Mit diesem zweiten Lockdown erneuert der Verbraucherverband UFC-Que Choisir seinen Appell an die Autoversicherer, die während des Lockdowns gesparten Beträge an die Versicherungsnehmer zurückzuzahlen, so France Inter.

Der Verbraucherverband schätzt, dass den Versicherten 2,2 Milliarden Euro an Auto- und Motorradbeiträgen erstattet werden müssen.
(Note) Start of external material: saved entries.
(* Client consolidation, run along an ordering of the clients.
   consol_run thr pre rest w w' : having processed the clients of [pre]
   (in order), with current weights [w], processing [rest] in order yields
   [w']. *)
Inductive consol_run (d : X -> X -> R) (thr : X -> R) :
    seq X -> seq X -> (X -> R) -> (X -> R) -> Prop :=
  | consol_done pre w : consol_run d thr pre [::] w w
  | consol_move pre v rest w i w' :
      i \in pre -> d i v <= thr v -> 0 < w i ->
      consol_run d thr (rcons pre v) rest (move_weight w v i) w' ->
      consol_run d thr pre (v :: rest) w w'
  | consol_stay pre v rest w w' :
      (forall i, i \in pre -> d i v <= thr v -> w i <= 0) ->
      consol_run d thr (rcons pre v) rest w w' ->
      consol_run d thr pre (v :: rest) w w'.

Definition consolidation p d (P F : {set X}) (x : X -> X -> R) (w w' : X -> R) : Prop :=
  exists s : seq X,
    [/\ uniq s, [set v in s] = P,
        sorted (fun a b => Rad p d F x a <= Rad p d F x b) s
      & consol_run d (fun v => 2 `^ ((p + 1) / p) * Rad p d F x v) [::] s w w'].

(* minimum of g over A (0 if A is empty; never used in that case) *)
Definition setmin (A : {set X}) (g : X -> R) : R :=
  match enum A with
  | [::] => 0
  | a :: s => foldr (fun u m => Num.min (g u) m) (g a) s
  end.

End Defs.

From HB Require Import structures.
From mathcomp Require Import all_boot all_order all_algebra.
From mathcomp Require Import reals exp.
From mathcomp Require Import boolp lra.
Import Order.TTheory GRing.Theory Num.Theory.
Local Open Scope ring_scope.

(* Consolidation leaves the clients [P'] of positive demand pairwise
   far apart: [d a b > 2^((p+1)/p) max(R a, R b)].  Each facility lies in
   the cell of its nearest client of [P'].  For [v] in [P'], let [u*] be a
   facility outside the cell of [v] at distance [gam v] and [v'] the client
   owning [u*]; then [d v v' <= 2 gam v], so separation puts both cores
   ([F'(v)], [F'(v')]) well inside [gam v].  Hence [F'(v)] is contained in
   [G(v)], and [F'(v')] is disjoint from [G(v)] and within [3 gam v] of [v].
   A unit row for [v] uses all of [yb] on [G(v)] and tops up proportionally
   from [F'(v')], whose mass is at least 1/2; this costs at most the [v]-term
   of [T].  Copying these rows to the clients of zero demand yields a
   feasible assignment, and optimality gives the bound. *)

Lemma setmin_attained {R : realType} {X : finType} {A : {set X}} (g : X -> R)
    {a : X} :
  a \in A -> exists2 u, u \in A & setmin A g = g u.
Proof.
rewrite /setmin -mem_enum; case: (enum A) (mem_enum A) => [|a0 s] //= memA _.
suff [u us ->] : exists2 u, u \in a0 :: s &
    foldr (fun u m => Num.min (g u) m) (g a0) s = g u.
  by exists u; rewrite // -memA.
elim: s {memA} => [|b s IH] /=; first by exists a0; rewrite ?inE.
have [u us ->] := IH.
case: (leP (g b) (g u)) => _.
  by exists b; rewrite // !inE eqxx orbT.
by exists u; move: us; rewrite !inE; case: (u == a0) => //= ->; rewrite orbT.
Qed.

Lemma sum_le_subset {R : numDomainType} {X : finType} {A B : {set X}}
    {g : X -> R} :
  A \subset B -> (forall u, u \in B -> 0 <= g u) ->
  \sum_(u in A) g u <= \sum_(u in B) g u.
Proof.
move=> /subsetP AB g_ge0; rewrite [leRHS](big_setID A) /= (setIidPr _).
  by rewrite lerDl sumr_ge0 // => u /setDP[/g_ge0].
exact/subsetP.
Qed.

Lemma sum_piecewise {R : numDomainType} {X : finType} {F A B : {set X}}
    (g h : X -> R) :
  A \subset F -> B \subset F -> [disjoint A & B] ->
  \sum_(u in F) (if u \in A then g u else if u \in B then h u else 0) =
  \sum_(u in A) g u + \sum_(u in B) h u.
Proof.
move=> /subsetP AF /subsetP BF /pred0P dAB.
rewrite (big_mkcond (fun u => u \in A)) (big_mkcond (fun u => u \in B)).
rewrite -big_split big_mkcond; apply: eq_bigr => u _ /=.
have := dAB u; rewrite /=.
case uA: (u \in A); first by rewrite AF //= => ->; rewrite addr0.
move=> _; rewrite add0r; case uB: (u \in B); first by rewrite BF.
by case: (u \in F).
Qed.

Definition fractional_row {R : numDomainType} {X : finType} (F : {set X})
    (yb r : X -> R) : Prop :=
  (forall u, u \in F -> 0 <= r u /\ r u <= yb u) /\ \sum_(u in F) r u = 1.

(* Filling a unit of demand from two disjoint facility sets: use all of the
   opening on [A] (of mass at most 1) and top up proportionally from [B]. *)
Lemma fill_from_two_sets {R : realFieldType} {X : finType} {F A B : {set X}}
    {yb c : X -> R} {K : R} :
  A \subset F -> B \subset F -> [disjoint A & B] ->
  (forall u, u \in F -> 0 <= yb u) -> (forall u, u \in B -> c u <= K) ->
  \sum_(u in A) yb u <= 1 -> 1 <= \sum_(u in A) yb u + \sum_(u in B) yb u ->
  exists2 r, fractional_row F yb r &
    \sum_(u in F) c u * r u <=
    \sum_(u in A) c u * yb u + K * (1 - \sum_(u in A) yb u).
Proof.
move=> AF BF dAB yb_ge0 c_leK sA_le1 sAB_ge1.
have /subsetP BF' := BF.
set sA := \sum_(u in A) yb u in sA_le1 sAB_ge1 *.
set sB := \sum_(u in B) yb u in sAB_ge1 *.
have sB_ge0 : 0 <= sB by apply: sumr_ge0 => u /BF'/yb_ge0.
pose al := (1 - sA) / sB.
have al_sB : al * sB = 1 - sA.
  have [sB0|sB_neq0] := eqVneq sB 0; last by rewrite divfK.
  by rewrite sB0 mulr0; lra.
have al_ge0 : 0 <= al by apply: divr_ge0; lra.
have al_le1 : al <= 1.
  have [sB0|sB_gt0] := eqVneq sB 0; first by rewrite /al sB0 invr0 mulr0.
  by rewrite ler_pdivrMr ?lt_def ?sB_gt0 //; lra.
exists (fun u => if u \in A then yb u else if u \in B then al * yb u else 0).
  split; last by rewrite sum_piecewise // -mulr_sumr -/sA -/sB al_sB; lra.
  move=> u /yb_ge0 ybu; case: ifP => _; first by split.
  by case: ifP => _; split; nra.
rewrite (eq_bigr (fun u => if u \in A then c u * yb u else
  if u \in B then c u * (al * yb u) else 0)); last first.
  by move=> u _; case: ifP => _ //; case: ifP => _ //; rewrite mulr0.
rewrite sum_piecewise // lerD2l.
apply: (@le_trans _ _ (\sum_(u in B) K * (al * yb u))).
  apply: ler_sum => u uB; apply: ler_wpM2r; last exact: c_leK.
  by apply: mulr_ge0 => //; apply/yb_ge0/BF'.
by rewrite -!mulr_sumr -/sB al_sB.
Qed.

Section ConsolidationRun.
Context {R : realType} {X : finType} {d : X -> X -> R} {thr : X -> R}.

Lemma consol_run_nonneg {pre rest} {w w' : X -> R} :
  consol_run d thr pre rest w w' ->
  (forall z, z \in pre ++ rest -> 0 <= w z) ->
  forall z, z \in pre ++ rest -> 0 <= w' z.
Proof.
elim=> {pre rest w w'} // [pre v rest w i w' ipre _ _ _ IH|pre v rest w w' _ _ IH]
  w_ge0 z; rewrite -cat_rcons => /IH; apply=> z'; rewrite cat_rcons => z'in.
  rewrite /move_weight; case: ifP => // _; case: ifP => _; last exact: w_ge0.
  by apply: addr_ge0; apply: w_ge0; rewrite mem_cat ?ipre // inE eqxx orbT.
exact: w_ge0.
Qed.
Diese Überbezahlung hängt nach Angaben des Verbandes mit dem Rückgang des Verkehrs und der Zahl der Unfälle zusammen.

Nach Angaben des Verbraucherverbands könnten die Versicherungsnehmer durchschnittlich 50 Euro sparen. “Von den 12 Hauptversicherern haben nur fünf Angebote für alle oder einen Teil ihrer Kunden gemacht”, sagt Matthieu Robin, der für die Studie beim UFC-Que Choisir verantwortlich ist. “Und die anderen, wie zum Beispiel Axa, Maaf, Crédit Agricole Assurances, Generali, Allianz oder Groupama, haben keiner Senkung der Prämienhöhe zugestimmt”.

Um die Verfahren zu erleichtern, stellt die Vereinigung den Versicherten ein Standardschreiben zur Verfügung, mit dem sie die Rückerstattung bei ihrer Versicherungsgesellschaft beantragen können.

“Die Tarife dürften im nächsten Jahr um durchschnittlich 1,5 bis 2% steigen, was insofern besonders nachteilig ist, als die Schadenquote tatsächlich deutlich gesunken ist”, bedauert auch Matthieu Robin.

Einige Versicherer haben inzwischen angekündigt, dass sie ihre Tarife nicht erhöhen werden.